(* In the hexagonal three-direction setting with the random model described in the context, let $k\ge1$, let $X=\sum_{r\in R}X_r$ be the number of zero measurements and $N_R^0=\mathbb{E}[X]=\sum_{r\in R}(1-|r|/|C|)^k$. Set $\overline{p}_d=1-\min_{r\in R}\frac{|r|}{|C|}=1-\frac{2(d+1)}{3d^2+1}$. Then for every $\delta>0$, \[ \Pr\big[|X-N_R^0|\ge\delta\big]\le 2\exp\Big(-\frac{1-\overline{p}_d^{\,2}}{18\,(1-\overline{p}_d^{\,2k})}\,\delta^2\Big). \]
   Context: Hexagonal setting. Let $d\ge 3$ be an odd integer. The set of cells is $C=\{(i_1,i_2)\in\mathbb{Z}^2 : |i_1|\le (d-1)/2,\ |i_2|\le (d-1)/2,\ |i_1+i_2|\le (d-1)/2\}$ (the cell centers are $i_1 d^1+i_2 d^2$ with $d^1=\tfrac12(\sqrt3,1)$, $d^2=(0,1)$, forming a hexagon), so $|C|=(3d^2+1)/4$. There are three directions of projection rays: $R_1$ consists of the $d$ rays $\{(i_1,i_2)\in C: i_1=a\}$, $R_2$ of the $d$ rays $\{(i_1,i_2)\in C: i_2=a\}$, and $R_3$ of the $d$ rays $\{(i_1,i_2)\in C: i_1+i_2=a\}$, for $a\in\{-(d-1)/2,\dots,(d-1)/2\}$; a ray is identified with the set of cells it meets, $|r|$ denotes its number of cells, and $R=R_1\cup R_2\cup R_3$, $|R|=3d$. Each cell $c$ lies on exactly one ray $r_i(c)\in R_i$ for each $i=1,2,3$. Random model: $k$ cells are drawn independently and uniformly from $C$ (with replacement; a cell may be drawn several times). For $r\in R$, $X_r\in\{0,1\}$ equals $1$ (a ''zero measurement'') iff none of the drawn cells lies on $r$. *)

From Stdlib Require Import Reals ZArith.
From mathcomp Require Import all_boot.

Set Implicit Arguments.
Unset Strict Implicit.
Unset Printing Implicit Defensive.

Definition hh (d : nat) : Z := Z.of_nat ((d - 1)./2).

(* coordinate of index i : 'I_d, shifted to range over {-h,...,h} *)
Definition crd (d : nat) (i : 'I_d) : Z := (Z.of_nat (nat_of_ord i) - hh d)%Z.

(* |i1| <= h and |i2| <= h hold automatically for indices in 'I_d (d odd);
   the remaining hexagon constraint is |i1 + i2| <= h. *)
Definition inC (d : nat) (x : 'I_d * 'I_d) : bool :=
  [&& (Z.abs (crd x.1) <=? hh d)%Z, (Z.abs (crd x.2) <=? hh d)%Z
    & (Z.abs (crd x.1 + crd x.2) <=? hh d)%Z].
+++
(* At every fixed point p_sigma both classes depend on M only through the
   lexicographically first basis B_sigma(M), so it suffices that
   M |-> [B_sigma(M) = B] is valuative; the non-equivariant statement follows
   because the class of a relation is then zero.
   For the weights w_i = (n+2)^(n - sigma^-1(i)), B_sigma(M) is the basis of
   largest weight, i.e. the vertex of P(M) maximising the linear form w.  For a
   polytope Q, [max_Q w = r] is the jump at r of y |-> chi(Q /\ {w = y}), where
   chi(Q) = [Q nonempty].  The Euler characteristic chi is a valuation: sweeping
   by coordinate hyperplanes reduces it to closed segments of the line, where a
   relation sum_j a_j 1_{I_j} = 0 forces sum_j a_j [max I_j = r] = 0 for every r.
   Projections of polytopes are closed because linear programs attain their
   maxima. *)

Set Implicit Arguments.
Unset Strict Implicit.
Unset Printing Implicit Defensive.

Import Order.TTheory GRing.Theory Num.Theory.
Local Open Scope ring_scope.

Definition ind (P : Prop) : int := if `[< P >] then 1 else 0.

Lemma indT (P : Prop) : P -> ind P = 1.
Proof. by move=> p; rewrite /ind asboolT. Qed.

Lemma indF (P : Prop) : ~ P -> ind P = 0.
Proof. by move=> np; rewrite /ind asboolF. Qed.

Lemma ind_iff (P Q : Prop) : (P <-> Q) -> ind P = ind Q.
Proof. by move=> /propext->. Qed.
+++
PROBLEM STATEMENT. In the entries above, the lines from the one bearing "(* In the hexagonal" up to and including the one bearing "x.2) <=? hh d)%Z]." should be transcribed exactly; no other line is wanted.

SOLUTION FOR THIS PROBLEM.
(* In the hexagonal three-direction setting with the random model described in the context, let $k\ge1$, let $X=\sum_{r\in R}X_r$ be the number of zero measurements and $N_R^0=\mathbb{E}[X]=\sum_{r\in R}(1-|r|/|C|)^k$. Set $\overline{p}_d=1-\min_{r\in R}\frac{|r|}{|C|}=1-\frac{2(d+1)}{3d^2+1}$. Then for every $\delta>0$, \[ \Pr\big[|X-N_R^0|\ge\delta\big]\le 2\exp\Big(-\frac{1-\overline{p}_d^{\,2}}{18\,(1-\overline{p}_d^{\,2k})}\,\delta^2\Big). \]
   Context: Hexagonal setting. Let $d\ge 3$ be an odd integer. The set of cells is $C=\{(i_1,i_2)\in\mathbb{Z}^2 : |i_1|\le (d-1)/2,\ |i_2|\le (d-1)/2,\ |i_1+i_2|\le (d-1)/2\}$ (the cell centers are $i_1 d^1+i_2 d^2$ with $d^1=\tfrac12(\sqrt3,1)$, $d^2=(0,1)$, forming a hexagon), so $|C|=(3d^2+1)/4$. There are three directions of projection rays: $R_1$ consists of the $d$ rays $\{(i_1,i_2)\in C: i_1=a\}$, $R_2$ of the $d$ rays $\{(i_1,i_2)\in C: i_2=a\}$, and $R_3$ of the $d$ rays $\{(i_1,i_2)\in C: i_1+i_2=a\}$, for $a\in\{-(d-1)/2,\dots,(d-1)/2\}$; a ray is identified with the set of cells it meets, $|r|$ denotes its number of cells, and $R=R_1\cup R_2\cup R_3$, $|R|=3d$. Each cell $c$ lies on exactly one ray $r_i(c)\in R_i$ for each $i=1,2,3$. Random model: $k$ cells are drawn independently and uniformly from $C$ (with replacement; a cell may be drawn several times). For $r\in R$, $X_r\in\{0,1\}$ equals $1$ (a ''zero measurement'') iff none of the drawn cells lies on $r$. *)

From Stdlib Require Import Reals ZArith.
From mathcomp Require Import all_boot.

Set Implicit Arguments.
Unset Strict Implicit.
Unset Printing Implicit Defensive.

Definition hh (d : nat) : Z := Z.of_nat ((d - 1)./2).

(* coordinate of index i : 'I_d, shifted to range over {-h,...,h} *)
Definition crd (d : nat) (i : 'I_d) : Z := (Z.of_nat (nat_of_ord i) - hh d)%Z.

(* |i1| <= h and |i2| <= h hold automatically for indices in 'I_d (d odd);
   the remaining hexagon constraint is |i1 + i2| <= h. *)
Definition inC (d : nat) (x : 'I_d * 'I_d) : bool :=
  [&& (Z.abs (crd x.1) <=? hh d)%Z, (Z.abs (crd x.2) <=? hh d)%Z
    & (Z.abs (crd x.1 + crd x.2) <=? hh d)%Z].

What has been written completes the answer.